L'état d'esprit rationnel

Pourquoi une chance de 1% est infiniment meilleure qu'une chance de 0% ?

Une chance de 1 % vaut infiniment mieux que 0 %, car le zéro met fin à tout avenir. La cryogénisation n'offre aucune probabilité mesurable de résurrection ; vous devez donc décider si une chance inconnue vaut son coût actuel.

Imaginez deux portes.

Derrière la première se cache un avenir que vous n'atteindrez peut-être jamais. Les chances sont minces, le chemin n'est pas tracé et personne ne peut vous dire combien de temps cela prendrait.

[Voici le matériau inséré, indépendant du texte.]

Lemma Tz_pred n x : Tz T Tinv (n - 1) x = Tinv (Tz T Tinv n x).
Proof.
  rewrite <- (proj1 hbij (Tz T Tinv (n - 1) x)), <- Tz_succ.
  now replace (n - 1 + 1) with n by lia.
Qed.

Lemma Tz_add a b x : Tz T Tinv (a + b) x = Tz T Tinv a (Tz T Tinv b x).
Proof.
  induction a as [|a IH|a IH] using Z.peano_ind.
  - reflexivity.
  - replace (Z.succ a + b) with (a + b + 1) by lia.
    unfold Z.succ. rewrite !Tz_succ. congruence.
  - replace (Z.pred a + b) with (a + b - 1) by lia.
    replace (Z.pred a) with (a - 1) by lia.
    rewrite !Tz_pred. congruence.
Qed.

End Iterates.

Lemma iter_order_preserving {X : Type} (le : X -> X -> Prop) (f : X -> X) (k : nat) :
  order_preserving le f -> order_preserving le (Nat.iter k f).
Proof. intros hf. induction k; intros a b hab; simpl; auto. Qed.

Lemma iter_commute {X : Type} (f g : X -> X) (k : nat) x :
  (forall y, f (g y) = g (f y)) -> f (Nat.iter k g x) = Nat.iter k g (f x).
Proof. intros hfg. induction k; simpl; congruence. Qed.

Section Heights.
Context {X : Type} (H : Z -> X -> Prop).
Hypothesis H_antitone : forall p q x, q <= p -> H p x -> H q x.

Lemma height_ge_of_mem q y m : H q y -> height H y m -> q <= m.
Proof.
  intros hq [_ hm]. destruct (Z_le_gt_dec q m); [assumption|].
  exfalso. apply hm, (H_antitone q); [lia|exact hq].
Qed.

Lemma height_lt_of_not_mem q y m : ~ H q y -> height H y m -> m < q.
Proof.
  intros hq [hm _]. destruct (Z_lt_ge_dec m q); [assumption|].
  exfalso. apply hq, (H_antitone m); [lia|exact hm].
Qed.

Lemma height_exists y p u : H p y -> ~ H u y -> exists m, height H y m.
Proof.
  intros hp hu.
  assert (walk : forall (k : nat) p, H p y -> ~ H (p + Z.of_nat k) y ->
                 exists m, height H y m).
  { induction k as [|k IH]; intros p' hp' hk.
    - exfalso. apply hk. now replace (p' + Z.of_nat 0) with p' by lia.
    - destruct (classic (H (p' + 1) y)) as [hs|hs].
      + apply (IH (p' + 1) hs).
        now replace (p' + 1 + Z.of_nat k) with (p' + Z.of_nat (S k)) by lia.
      + now exists p'. }
  destruct (Z_lt_ge_dec p u) as [hpu|hup].
  - apply (walk (Z.to_nat (u - p)) p hp).
    now replace (p + Z.of_nat (Z.to_nat (u - p))) with u by lia.
  - exfalso. apply hu, (H_antitone p); [lia|exact hp].
Qed.

End Heights.

Definition halfspaces {X : Type} (le : X -> X -> Prop) (T Tinv : X -> X) (x0 : X)
  (n : Z) (x : X) : Prop := le (Tz T Tinv n x0) x.

Section HalfSpaces.
Context {X : Type} (le : X -> X -> Prop) (T Tinv : X -> X).
Hypotheses (le_refl : forall a, le a a)
  (le_antisym : forall a b, le a b -> le b a -> a = b)
  (le_trans : forall a b c, le a b -> le b c -> le a c).
Hypotheses (hbij : bij_with T Tinv) (hTp : order_preserving le T)
  (hcompl : complete_triple le T) (hdom : dominant le T).
Variables (N : nat) (x0 : X).
Hypothesis hN : forall a b, exists k : nat, (k <= N)%nat /\
  (le a (Nat.iter k T b) \/ le b (Nat.iter k T a)).

Local Notation H := (halfspaces le T Tinv x0).
Local Notation C := (1 + 2 * Z.of_nat N).

Lemma le_iter (k : nat) y : le y (Nat.iter k T y).
Proof. induction k; simpl; eauto. Qed.

Lemma Tz_le_monotone i j y : i <= j -> le (Tz T Tinv i y) (Tz T Tinv j y).
Proof.
  intros hij. replace j with (Z.of_nat (Z.to_nat (j - i)) + i) by lia.
  rewrite Tz_add, Tz_of_nat by exact hbij. apply le_iter.
Qed.

Lemma Tz_order_preserving k : 0 <= k -> order_preserving le (Tz T Tinv k).
Proof.
  intros hk a b hab. replace k with (Z.of_nat (Z.to_nat k)) by lia.
  rewrite !Tz_of_nat. now apply iter_order_preserving.
Qed.

(* Dominance at (z, z) yields z < T^n z, while T^n z <= T^(d n) z = z. *)
Lemma iter_not_periodic (d : nat) z : (0 < d)%nat -> Nat.iter d T z <> z.
Proof.
  intros hd ez.
  assert (eiter : forall m, Nat.iter (d * m) T z = z).
  { induction m as [|m IH]; [now rewrite Nat.mul_0_r|].
    rewrite Nat.mul_succ_r, Nat.add_comm, Nat.iter_add, IH. exact ez. }
  destruct (hdom z z) as [n [hle hneq]].
  apply hneq, le_antisym; [exact hle|].
  rewrite <- (eiter n) at 2.
  replace (d * n)%nat with ((d * n - n) + n)%nat by nia.
  rewrite Nat.iter_add. apply le_iter.
Qed.

Lemma Tz_le_reflect i j y : le (Tz T Tinv i y) (Tz T Tinv j y) -> i <= j.
Proof.
  intros hij. destruct (Z_le_gt_dec i j) as [|hgt]; [assumption|exfalso].
  assert (e : Nat.iter (Z.to_nat (i - j)) T (Tz T Tinv j y) = Tz T Tinv i y).
  { rewrite <- (Tz_of_nat T Tinv), <- Tz_add by exact hbij. f_equal. lia. }
  apply (iter_not_periodic (Z.to_nat (i - j)) (Tz T Tinv j y)); [lia|].
  rewrite e. apply le_antisym; [exact hij|]. rewrite <- e. apply le_iter.
Qed.

Lemma halfspaces_antitone p q x : q <= p -> H p x -> H q x.
Proof. intros hqp hp. eapply le_trans; [apply Tz_le_monotone, hqp|exact hp]. Qed.

Lemma exists_not_mem_halfspaces y : exists u, ~ H u y.
Proof.
  destruct (hdom x0 y) as [n [hle hneq]]. exists (Z.of_nat n). intros hH.
  apply hneq, le_antisym; [exact hle|]. unfold halfspaces in hH.
  now rewrite Tz_of_nat in hH.
Qed.

Lemma height_le_of_le_Tz q y m : le y (Tz T Tinv q x0) -> height H y m -> m <= q.
Proof. intros hq [hm _]. apply (Tz_le_reflect _ _ x0). eauto. Qed.

Lemma height_monotone u v mu mv :
  le u v -> height H u mu -> height H v mv -> mu <= mv.
Proof.
  intros huv hu hv. apply (height_ge_of_mem H halfspaces_antitone mu v); [|exact hv].
  eapply le_trans; [apply hu|exact huv].
Qed.

Lemma not_mem_halfspaces_le_Tz u y : ~ H u y -> le y (Tz T Tinv (u + 2 * Z.of_nat N) x0).
Proof.
  intros hu.
  destruct (hN (Tz T Tinv u x0) (Tz T Tinv (- Z.of_nat N) y)) as (k & hk & [h|h]);
    rewrite <- (Tz_of_nat T Tinv), <- Tz_add in h by exact hbij.
  - exfalso. apply hu. eapply le_trans; [exact h|].
    replace y with (Tz T Tinv 0 y) at 2 by reflexivity. apply Tz_le_monotone. lia.
  - apply (Tz_order_preserving (Z.of_nat N)) in h; [|lia].
    rewrite <- !Tz_add in h by exact hbij.
    replace (Z.of_nat N + - Z.of_nat N) with 0 in h by lia.
    eapply le_trans; [exact h|]. apply Tz_le_monotone. lia.
Qed.
From HB Require Import structures.
From mathcomp Require Import all_boot all_order all_algebra all_field.
From mathcomp Require Import lra.
Set Implicit Arguments. Unset Strict Implicit. Unset Printing Implicit Defensive.
Import Order.TTheory GRing.Theory Num.Theory.
Local Open Scope ring_scope.

(* The theorem is an instance of linear programming duality.  Call a real
   x : F_p -> [0,1] admissible when h = sgn * x (sgn = +1 on the support of g,
   -1 off it) has vanishing Fourier coefficients at every a i, and ask for an
   admissible x of total mass at least E.  These are finitely many real linear
   inequalities in the unknowns x n, once the conditions on the Fourier
   coefficients are written with the real waves 1, Re fchar (a i) and
   Im fchar (a i).  By Farkas' lemma either
   - the program is feasible, and h = sgn * x is the vanishing generalized
     balanced function of the first alternative, or
   - a nonnegative combination of its rows is contradictory; the weights of
     the wave rows then define a real combination h of waves (so its spectrum
     lies in {0} and the +-a i), and the column relations of the certificate
     force sgn * h > 0 outside a set of fewer than E points. *)

Section RealSubfield.
Variable C : numClosedFieldType.

Definition creal := {x : C | x \is Num.real}.

HB.instance Definition _ := [isSub for (@sval C _ : creal -> C)].
HB.instance Definition _ := [Choice of creal by <:].
HB.instance Definition _ := [SubChoice_isSubComUnitRing of creal by <:].
HB.instance Definition _ := [SubComUnitRing_isSubIntegralDomain of creal by <:].
HB.instance Definition _ := [SubIntegralDomain_isSubField of creal by <:].

Let le_creal (x y : creal) := val x <= val y.
Let lt_creal (x y : creal) := val x < val y.
Let norm_creal (x : creal) : creal := Sub `|val x| (normr_real (val x)).

Let le_creal0D x y : le_creal 0 x -> le_creal 0 y -> le_creal 0 (x + y).
Proof. exact: addr_ge0. Qed.
Let le_creal0M x y : le_creal 0 x -> le_creal 0 y -> le_creal 0 (x * y).
Proof. exact: mulr_ge0. Qed.
Let le_creal0_anti x : le_creal 0 x -> le_creal x 0 -> x = 0.
Proof. by move=> x_ge0 x_le0; apply/val_inj/eqP; rewrite eq_le; apply/andP. Qed.
Let subr_ge0_creal x y : le_creal 0 (y - x) = le_creal x y.
Proof. exact: subr_ge0. Qed.
Let le_creal0_total x : le_creal 0 x || le_creal x 0.
Proof. exact: (valP x). Qed.
Let normrN_creal x : norm_creal (- x) = norm_creal x.
Proof. by apply: val_inj; rewrite /= normrN. Qed.
Let ger0_norm_creal x : le_creal 0 x -> norm_creal x = x.
Proof. by move=> x_ge0; apply: val_inj; exact: ger0_norm. Qed.
Let lt_def_creal x y : lt_creal x y = (y != x) && le_creal x y.
Proof. exact: lt_def. Qed.

HB.instance Definition _ := Num.IntegralDomain_isLeReal.Build creal
  le_creal0D le_creal0M le_creal0_anti subr_ge0_creal le_creal0_total
  normrN_creal ger0_norm_creal lt_def_creal.

Lemma ler_crealE (x y : creal) : (x <= y) = (val x <= val y). Proof. by []. Qed.
Lemma ltr_crealE (x y : creal) : (x < y) = (val x < val y). Proof. by []. Qed.

Definition creal_of (x : C) : creal := insubd 0 x.
Lemma creal_ofK x : x \is Num.real -> val (creal_of x) = x.
Proof. by move=> x_real; rewrite /creal_of insubdK. Qed.

End RealSubfield.

Section FourierMotzkin.
Variable R : realFieldType.

Lemma sum_delta (I : finType) (i0 : I) (F : I -> R) :
  \sum_i (i == i0)%:R * F i = F i0.
Proof.
rewrite (bigD1 i0) //= eqxx mul1r big1 ?addr0 // => i /negbTE ->.
by rewrite mul0r.
Qed.

Lemma sum_comb (I J : finType) (y : J -> R) (M : J -> I -> R) (F : I -> R) :
  \sum_l (\sum_r y r * M r l) * F l = \sum_r y r * \sum_l M r l * F l.
Proof.
under eq_bigr do rewrite mulr_suml; rewrite exchange_big /=.
by apply: eq_bigr => r _; rewrite mulr_sumr; apply: eq_bigr => l _; rewrite mulrA.
Qed.

Lemma separating_point (ls us : seq R) :
  (forall l u, l \in ls -> u \in us -> l <= u) ->
  exists t, (forall l, l \in ls -> l <= t) /\ (forall u, u \in us -> t <= u).
Proof.
elim: ls => [|l ls IH] ls_le_us.
  elim: us {ls_le_us} => [|u us [t [_ t_le_us]]]; first by exists 0.
  exists (Order.min t u); split => // v; rewrite inE => /predU1P[->|v_us].
    by rewrite ge_min lexx orbT.
  by rewrite ge_min t_le_us.
have [|t [ls_le_t t_le_us]] := IH.
  by move=> l' u l'_ls u_us; apply: ls_le_us => //; rewrite inE l'_ls orbT.
exists (Order.max l t); split.
  move=> v; rewrite inE => /predU1P[->|v_ls]; rewrite le_max ?lexx //.
  by rewrite ls_le_t ?orbT.
by move=> u u_us; rewrite ge_max t_le_us // andbT; apply: ls_le_us; rewrite ?inE ?eqxx.
Qed.

Lemma fm_solve_one (I : finType) (c s b : I -> R) :
  (forall i, c i = 0 -> s i <= b i) ->
  (forall i j, 0 < c i -> c j < 0 ->
     - c j * s i + c i * s j <= - c j * b i + c i * b j) ->
  exists t, forall i, s i + c i * t <= b i.
Proof.
move=> zero_rows pair_rows.
pose ls := [seq (s j - b j) / - c j | j <- enum (fun j => c j < 0)].
pose us := [seq (b i - s i) / c i | i <- enum (fun i => 0 < c i)].
have [|t [ls_le_t t_le_us]] := @separating_point ls us.
  move=> l u /mapP[j]; rewrite mem_enum => cj_lt0 -> /mapP[i].
  rewrite mem_enum => ci_gt0 ->.
  have := pair_rows i j ci_gt0 cj_lt0.
  by rewrite ler_pdivrMr ?oppr_gt0 // mulrAC ler_pdivlMr // => pair_ij; lra.
exists t => i; case: (ltgtP (c i) 0) => ci.
- have i_neg : i \in enum (fun j => c j < 0) by rewrite mem_enum.
  have := ls_le_t _ (map_f (fun j => (s j - b j) / - c j) i_neg).
  by rewrite ler_pdivrMr ?oppr_gt0 // => t_ge; lra.
- have i_pos : i \in enum (fun i => 0 < c i) by rewrite mem_enum.
  have := t_le_us _ (map_f (fun i => (b i - s i) / c i) i_pos).
  by rewrite ler_pdivlMr // => t_le; lra.
- by rewrite ci mul0r addr0; exact: zero_rows.
Qed.

(* Eliminating the unknown d from the system with rows A i : the new rows are the
   rows with A i d = 0, and the combinations -A j d * row i + A i d * row j for
   A i d > 0 > A j d; fm_coef r lists the weights of the old rows in row r. *)
Section Elimination.
Variables (I : finType) (V : Type) (A : I -> V -> R) (d : V).

Definition fm_coef (r : I + I * I) (l : I) : R :=
  match r with
  | inl i => if A i d == 0 then (l == i)%:R else 0
  | inr (i, j) => if (0 < A i d) && (A j d < 0)
                  then - A j d * (l == i)%:R + A i d * (l == j)%:R else 0
  end.

Lemma fm_coef_ge0 r l : 0 <= fm_coef r l.
Proof.
case: r => [i|[i j]] /=; first by case: ifP => _; rewrite ?ler0n.
case: ifP => // /andP[Ai_gt0 Aj_lt0].
by apply: addr_ge0; apply: mulr_ge0; rewrite ?ler0n ?oppr_ge0 ?ltW.
Qed.

Lemma fm_combE r (F : I -> R) : \sum_l fm_coef r l * F l =
  match r with
  | inl i => if A i d == 0 then F i else 0
  | inr (i, j) => if (0 < A i d) && (A j d < 0)
                  then - A j d * F i + A i d * F j else 0
  end.
Proof.
case: r => [i|[i j]] /=.
  by case: ifP => _; rewrite ?sum_delta // big1 // => l _; rewrite mul0r.
case: ifP => _; last by rewrite big1 // => l _; rewrite mul0r.
rewrite -!sum_delta !mulr_sumr -big_split /=.
by apply: eq_bigr => l _; rewrite mulrDl !mulrA.
Qed.

Lemma fm_comb_d r : \sum_l fm_coef r l * A l d = 0.
Proof.
rewrite fm_combE; case: r => [i|[i j]]; first by case: ifP => // /eqP.
by case: ifP => // _; rewrite mulNr mulrC addNr.
Qed.

End Elimination.

(* Farkas' lemma for systems of inequalities in the unknowns vs, proved by
   Fourier-Motzkin elimination: either A x <= b has a solution, or some
   nonnegative combination of the rows reads 0 <= (negative number). *)
Lemma farkas (V : eqType) (vs : seq V) : uniq vs ->
  forall (I : finType) (A : I -> V -> R) (b : I -> R),
  (exists x : V -> R, forall i, \sum_(v <- vs) A i v * x v <= b i) \/
  (exists y : I -> R, (forall i, 0 <= y i) /\
     (forall v, v \in vs -> \sum_i y i * A i v = 0) /\ \sum_i y i * b i < 0).
Proof.
elim: vs => [_ I A b|d vs IH /= /andP[dNvs vs_uniq] I A b].
  have [b_ge0|/forallPn[i bi_lt0]] := boolP [forall i, 0 <= b i].
    by left; exists (fun=> 0) => i; rewrite big_nil; exact: (forallP b_ge0).
  right; exists (fun l => (l == i)%:R); split=> [l|]; first by rewrite ler0n.
  by split=> //; rewrite sum_delta ltNge.
pose A' r v := \sum_l fm_coef A d r l * A l v.
pose b' r := \sum_l fm_coef A d r l * b l.
have [[x' Ax'_le]|[y' [y'_ge0 [y'A' y'b']]]] := IH vs_uniq _ A' b'.
- pose s l := \sum_(v <- vs) A l v * x' v.
  have s_comb r : \sum_l fm_coef A d r l * s l <= b' r.
    apply: le_trans (Ax'_le r); rewrite le_eqVlt; apply/orP; left; apply/eqP.
    rewrite /s /A'; under eq_bigr do rewrite mulr_sumr.
    rewrite exchange_big /=; apply: eq_bigr => v _.
    by rewrite mulr_suml; apply: eq_bigr => l _; rewrite mulrA.
  have [|i j Ai_gt0 Aj_lt0|t Ht] := @fm_solve_one _ (fun l => A l d) s b.
  + by move=> i Ai0; have := s_comb (inl i); rewrite /b' !fm_combE Ai0 eqxx.
  + by have := s_comb (inr (i, j)); rewrite /b' !fm_combE Ai_gt0 Aj_lt0.
  left; exists (fun v => if v == d then t else x' v) => i.
  rewrite big_cons eqxx addrC; congr (_ + _ <= _): (Ht i).
  rewrite /s !big_seq; apply: eq_bigr => v v_vs.
  by case: eqP v_vs => // ->; rewrite (negbTE dNvs).
- right; exists (fun l => \sum_r y' r * fm_coef A d r l); split.
    by move=> l; apply: sumr_ge0 => r _; apply: mulr_ge0; rewrite ?fm_coef_ge0.
  rewrite sum_comb; split=> [v|]; last by [].
  rewrite inE sum_comb => /predU1P[->|v_vs]; last exact: y'A'.
  by rewrite big1 // => r _; rewrite fm_comb_d mulr0.
Qed.

End FourierMotzkin.

Section Characters.
Variables (C : numClosedFieldType) (p : nat).
Hypothesis p_prime : prime p.
Local Notation w := (omega C p).

Let p_gt0 : (0 < p)%N. Proof. exact: prime_gt0. Qed.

La deuxième porte est scellée de manière définitive.

C'est ce qui explique pourquoi on dit qu'une probabilité de 1 % est infiniment meilleure que 0 %.

Le zéro n'offre aucun avenir prometteur. Une chance, aussi infime soit-elle, laisse entrevoir une possibilité.

Pour quelqu’un qui accorde une grande importance à la poursuite de la vie, cette différence peut être déterminante dans la prise de décision.

Mais le slogan n'est que le point de départ du raisonnement, et non sa conclusion.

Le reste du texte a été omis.